(EXERCISE): Instruction for the entries that follow: retype exactly the lines from the line with "0 < A -> 0 <= M -> 0" to the line with "apply eq_sig_hprop; [intros;", both included, and omit all others.

Stored data entries
◇ ◇ ◇

Lemma quadratic_pos_near1 (R : realFieldType) (A B M : R) :
  0 < A -> 0 <= M -> 0 < A + B + M -> exists2 r, 0 < r < 1 & 0 < r ^+ 2 * A + B + r * M.
Proof.
move=> A_gt0 M_ge0 f1_gt0; set P := 2 * A + M.
have P_gt0 : 0 < P by rewrite /P; lra.
have S_gt0 : 0 < A + B + M + P by lra.
(* with f r := r^2 A + B + r M, f r >= f 1 - (1 - r) P for r < 1, and the choice
   1 - r = f 1 / (f 1 + P) keeps this positive *)
exists (P / (A + B + M + P)).
  by rewrite divr_gt0 //= ltr_pdivrMr // mul1r ltrDr.
set r := P / _.
have r_lt1 : r < 1 by rewrite ltr_pdivrMr // mul1r ltrDr.
have oneBrE : (1 - r) * (A + B + M + P) = A + B + M.
  by rewrite mulrBl mul1r mulfVK ?gt_eqF //; ring.
have : (1 - r) * (A * (1 + r) + M) <= (1 - r) * P.
  by apply: ler_wpM2l; [rewrite subr_ge0 ltW | rewrite /P; nra].
have : (1 - r) * P < (1 - r) * (A + B + M + P).
  by rewrite ltr_pM2l ?subr_gt0 // ltrDr.
rewrite oneBrE => ? ?.
have -> : r ^+ 2 * A + B + r * M = A + B + M - (1 - r) * (A * (1 + r) + M) by ring.
lra.
Qed.

Section Phi1.
Variable R : realType.
Local Notation C := R[i].
Implicit Types q m : C.

Lemma tG3_cabs_y2_lt3 y1 y2 q : tG3 y1 y2 q -> cabs y2 < 3.
Proof.
move=> [q_lt1 [b1 [b2 [b_lt3 [_ ->]]]]].
have := cabsD b2 (conjc b1 * q); rewrite cabsM cabsJ.
by have := cabs_ge0 b1; have := cabs_ge0 q; nra.
Qed.

Lemma exists_unimodular_align m : exists2 u : C, cabs u = 1 & u * m = - (cabs m)%:C.
Proof.
have [-> | m_neq0] := eqVneq m 0; first by exists 1; rewrite ?cabs1 // cabs0 mulr0 oppr0.
have m_gt0 := cabs_gt0 m_neq0; have mC_neq0 : (cabs m)%:C != 0 by rewrite fmorph_eq0 gt_eqF.
exists (- conjc m / (cabs m)%:C).
  by rewrite cabsM cabsN cabsJ cabsV cabs_real gtr0_norm // mulfV // gt_eqF.
by rewrite mulrAC mulNr [conjc m * m]mulrC -sqr_cabsE; field.
Qed.
Lemma kclass_to_img_bijective : bijective_map kclass_to_img.
Proof.
  split.
  - intros a b E. apply kclass_eq. rewrite (kclass_repP a), (kclass_repP b).
    apply (f_equal (@proj1_sig _ _)) in E. simpl in E. rewrite E. reflexivity.
  - intros [q [x Hx]]. exists (kproj k x).
    apply eq_sig_hprop; [intros; apply proof_irrelevance |].
    rewrite kclass_to_img_kproj. exact Hx.
Qed.

End Quotient.

Section Kernel.
Context {T : Type} {le : T -> T -> Prop}.
Hypotheses (Hpo : partial_order le) (Hcc : cond_complete le) (Hint : interpolating le).
Context {k : Pstar le -> T}.
Hypothesis Hk : forall x : Pstar le, is_sup le (fun y => way_below le y (proj1_sig x)) (k x).

Lemma le_k_of_way_below {x y} : way_below le y (proj1_sig x) -> le y (k x).
Proof. exact (proj1 (Hk x) y). Qed.

Lemma k_le x : le (k x) (proj1_sig x).
Proof. apply (proj2 (Hk x)). intros y Hy. exact (way_below_le Hpo Hy). Qed.

Lemma way_below_k {x y} : way_below le y (proj1_sig x) -> way_below le y (k x).
Proof.
  intros Hy. destruct (Hint _ _ Hy) as [z [Hyz Hzx]].
  exact (way_below_le_trans Hpo Hyz (le_k_of_way_below Hzx)).
Qed.

Lemma k_in_Pstar x : in_Pstar le (k x).
Proof.
  destruct (proj2_sig x) as [y Hy]. exists y. exact (way_below_k Hy).
Qed.

Lemma k_le_k (x z : Pstar le) :
  (forall w, way_below le w (proj1_sig z) -> le w (proj1_sig x)) -> le (k z) (k x).
Proof.
  intros Hzx. apply (proj2 (Hk z)). intros w Hw.
  destruct (Hint _ _ Hw) as [w' [Hww' Hw'z]].
  exact (le_k_of_way_below (way_below_le_trans Hpo Hww' (Hzx w' Hw'z))).
Qed.

Lemma k_monotone {x y : Pstar le} : sub_le le (in_Pstar le) x y -> le (k x) (k y).
Proof.
  intros Hxy. apply k_le_k. intros w Hw.
  apply (proj2 (proj2 Hpo)) with (proj1_sig x); [exact (way_below_le Hpo Hw) | exact Hxy].
Qed.

Lemma k_directed_sup_le {D : Pstar le -> Prop} {d0 : Pstar le} {u : T} :
  directed (sub_le le (in_Pstar le)) D -> is_sup (sub_le le (in_Pstar le)) D d0 ->
  (forall d, D d -> le (k d) u) -> le (k d0) u.
Proof.
  intros HD Hd0 Hu. apply (proj2 (Hk d0)). intros y Hy.
  destruct (Hint _ _ Hy) as [y' [Hyy' Hy'd0]].
  assert (HsupT := is_sup_sub_upclosed Hpo Hcc (fun x y => in_Pstar_le Hpo) (proj1 HD) Hd0).
  destruct (Hy'd0 _ _ (directed_image (leB := le) (g := @proj1_sig _ _) (fun a b H => H) HD)
              (ex_intro _ _ (proj1 HsupT)) HsupT (proj1 Hpo _))
    as [t [[d [Hd ->]] Hy't]].
  apply (proj2 (proj2 Hpo)) with (k d); [| exact (Hu d Hd)].
  exact (le_k_of_way_below (way_below_le_trans Hpo Hyy' Hy't)).
Qed.

Let leQ (a b : kclass k) : Prop :=
  le (proj1_sig (kclass_to_img k a)) (proj1_sig (kclass_to_img k b)).

Lemma kproj_scott_open {U : kclass k -> Prop} :
  scott_open leQ U -> scott_open (sub_le le (in_Pstar le)) (fun x => U (kproj k x)).
Proof.
  assert (Hmono : forall x y, sub_le le (in_Pstar le) x y -> leQ (kproj k x) (kproj k y)).
  { intros x y Hxy. unfold leQ. rewrite !kclass_to_img_kproj. exact (k_monotone Hxy). }
  apply scott_open_preimage; [exact Hmono |].
  intros D d0 HD Hd0. split.
  - intros b [d [Hd ->]]. exact (Hmono _ _ (proj1 Hd0 d Hd)).
  - intros u Hu. unfold leQ. rewrite kclass_to_img_kproj.
    apply (k_directed_sup_le HD Hd0). intros d Hd.
    pose proof (Hu (kproj k d) (ex_intro _ d (conj Hd eq_refl))) as Hdu.
    unfold leQ in Hdu. rewrite kclass_to_img_kproj in Hdu. exact Hdu.
Qed.

Lemma lawson_open_not_above_k (z : Pstar le) :
  lawson_open (sub_le le (in_Pstar le)) (fun x => ~ le (k z) (k x)).
Proof.
  destruct Hpo as [_ [_ Htr]].
  apply lawson_open_of_subbasic_nbhd. intros x Hzx.
  assert (Hw : exists w, way_below le w (proj1_sig z) /\ ~ le w (proj1_sig x)).
  { apply NNPP. intros Hn. apply Hzx, k_le_k. intros w Hw.
    apply NNPP. intros Hwx. apply Hn. exists w; auto. }
  destruct Hw as [w [Hwz Hwx]].
  destruct (Hint _ _ Hwz) as [w' [Hww' Hw'z]].
  pose (p := exist (in_Pstar le) w' (ex_intro _ w Hww') : Pstar le).
  exists (fun y => ~ sub_le le (in_Pstar le) p y). split; [| split].
  - right. exists p. intros y; tauto.
  - intros Hw'x. apply Hwx. exact (Htr _ _ _ (way_below_le Hpo Hww') Hw'x).
  - intros y Hw'y Hzy. apply Hw'y. unfold sub_le; simpl.
    apply Htr with (k z); [exact (le_k_of_way_below Hw'z) |].
    exact (Htr _ _ _ Hzy (k_le y)).
Qed.

Lemma kproj_lawson_continuous :
  lawson_continuous (sub_le le (in_Pstar le)) leQ (kproj k).
Proof.
  apply lawson_continuous_of_subbasic. intros S [HS | [q HS]].
  - exact (scott_open_lawson_open (kproj_scott_open HS)).
  - destruct (kproj_surjective _ q) as [z <-].
    apply (lawson_open_ext (lawson_open_not_above_k z)). intros x.
    rewrite HS. unfold leQ. rewrite !kclass_to_img_kproj. reflexivity.
Qed.

End Kernel.

Theorem proposition2p10 (T : Type) (le : T -> T -> Prop)
  (Hpo : partial_order le) (Hcc : cond_complete le) (Hint : interpolating le)
  (k : Pstar le -> T)
  (Hk : forall x : Pstar le, is_sup le (fun y => way_below le y (proj1_sig x)) (k x)) :
  (forall x : Pstar le, in_Pstar le (k x)) /\
  exists f : kclass k -> Img k,
    (forall x : Pstar le, proj1_sig (f (kproj k x)) = k x) /\
    bijective_map f /\
    lawson_continuous (sub_le le (in_Pstar le))
      (fun a b : kclass k => le (proj1_sig (f a)) (proj1_sig (f b)))
      (kproj k).
Proof.
  split; [exact (k_in_Pstar Hpo Hint Hk) |].
  exists (kclass_to_img k). split; [exact (kclass_to_img_kproj k) |].
  split; [exact (kclass_to_img_bijective k) |].
  exact (kproj_lawson_continuous Hpo Hcc Hint Hk).
Qed.
Lemma filterlim_scal_ln_at_right_0 beta :
  0 < beta -> filterlim (fun t => beta * ln t) (at_right 0) (Rbar_locally m_infty).
Proof.
  intros Hbeta. apply (filterlim_comp _ _ _ ln (Rmult beta) _ (Rbar_locally m_infty) _ is_lim_ln_0).
  intros P [M HM]. exists (M / beta). intros x Hx. apply HM.
  apply (Rmult_lt_reg_l (/ beta)); [now apply Rinv_0_lt_compat|].
  rewrite <- Rmult_assoc, Rinv_l, Rmult_1_l by lra. unfold Rdiv in Hx. lra.
Qed.

Lemma filterlim_scal_p_infty_m_infty a :
  a < 0 -> filterlim (fun t => a * t) (Rbar_locally p_infty) (Rbar_locally m_infty).
Proof.
  intros Ha P [M HM]. exists (M / a). intros x Hx. apply HM.
  apply (Rmult_lt_reg_l (- / a)); [apply Ropp_0_gt_lt_contravar, Rinv_lt_0_compat, Ha|].
  replace (- / a * (a * x)) with (- x) by (field; lra).
  replace (- / a * M) with (- (M / a)) by (unfold Rdiv; ring). lra.
Qed.

Lemma at_right_0_le_1 : at_right 0 (fun a => 0 < a <= 1).
Proof.
  exists (mkposreal 1 Rlt_0_1). intros y Hy Hpos. change (Rabs (y - 0) < 1) in Hy.
  apply Rabs_def2 in Hy. lra.
Qed.

Lemma ex_RInt_continuous_pos (f : R -> R) a b :
  (forall t, 0 < t -> continuous f t) -> 0 < a -> 0 < b -> ex_RInt f a b.
Proof.
  intros Hf Ha Hb. apply (ex_RInt_continuous (V := R_CompleteNormedModule)).
  intros t Ht. apply Hf. assert (0 < Rmin a b) by now apply Rmin_glb_lt. lra.
Qed.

◇ ◇ ◇

(REPLY TO THE EXERCISE):
  0 < A -> 0 <= M -> 0 < A + B + M -> exists2 r, 0 < r < 1 & 0 < r ^+ 2 * A + B + r * M.
Proof.
move=> A_gt0 M_ge0 f1_gt0; set P := 2 * A + M.
have P_gt0 : 0 < P by rewrite /P; lra.
have S_gt0 : 0 < A + B + M + P by lra.
(* with f r := r^2 A + B + r M, f r >= f 1 - (1 - r) P for r < 1, and the choice
   1 - r = f 1 / (f 1 + P) keeps this positive *)
exists (P / (A + B + M + P)).
  by rewrite divr_gt0 //= ltr_pdivrMr // mul1r ltrDr.
set r := P / _.
have r_lt1 : r < 1 by rewrite ltr_pdivrMr // mul1r ltrDr.
have oneBrE : (1 - r) * (A + B + M + P) = A + B + M.
  by rewrite mulrBl mul1r mulfVK ?gt_eqF //; ring.
have : (1 - r) * (A * (1 + r) + M) <= (1 - r) * P.
  by apply: ler_wpM2l; [rewrite subr_ge0 ltW | rewrite /P; nra].
have : (1 - r) * P < (1 - r) * (A + B + M + P).
  by rewrite ltr_pM2l ?subr_gt0 // ltrDr.
rewrite oneBrE => ? ?.
have -> : r ^+ 2 * A + B + r * M = A + B + M - (1 - r) * (A * (1 + r) + M) by ring.
lra.
Qed.

Section Phi1.
Variable R : realType.
Local Notation C := R[i].
Implicit Types q m : C.

Lemma tG3_cabs_y2_lt3 y1 y2 q : tG3 y1 y2 q -> cabs y2 < 3.
Proof.
move=> [q_lt1 [b1 [b2 [b_lt3 [_ ->]]]]].
have := cabsD b2 (conjc b1 * q); rewrite cabsM cabsJ.
by have := cabs_ge0 b1; have := cabs_ge0 q; nra.
Qed.

Lemma exists_unimodular_align m : exists2 u : C, cabs u = 1 & u * m = - (cabs m)%:C.
Proof.
have [-> | m_neq0] := eqVneq m 0; first by exists 1; rewrite ?cabs1 // cabs0 mulr0 oppr0.
have m_gt0 := cabs_gt0 m_neq0; have mC_neq0 : (cabs m)%:C != 0 by rewrite fmorph_eq0 gt_eqF.
exists (- conjc m / (cabs m)%:C).
  by rewrite cabsM cabsN cabsJ cabsV cabs_real gtr0_norm // mulfV // gt_eqF.
by rewrite mulrAC mulNr [conjc m * m]mulrC -sqr_cabsE; field.
Qed.
Lemma kclass_to_img_bijective : bijective_map kclass_to_img.
Proof.
  split.
  - intros a b E. apply kclass_eq. rewrite (kclass_repP a), (kclass_repP b).
    apply (f_equal (@proj1_sig _ _)) in E. simpl in E. rewrite E. reflexivity.
  - intros [q [x Hx]]. exists (kproj k x).
    apply eq_sig_hprop; [intros; apply proof_irrelevance |].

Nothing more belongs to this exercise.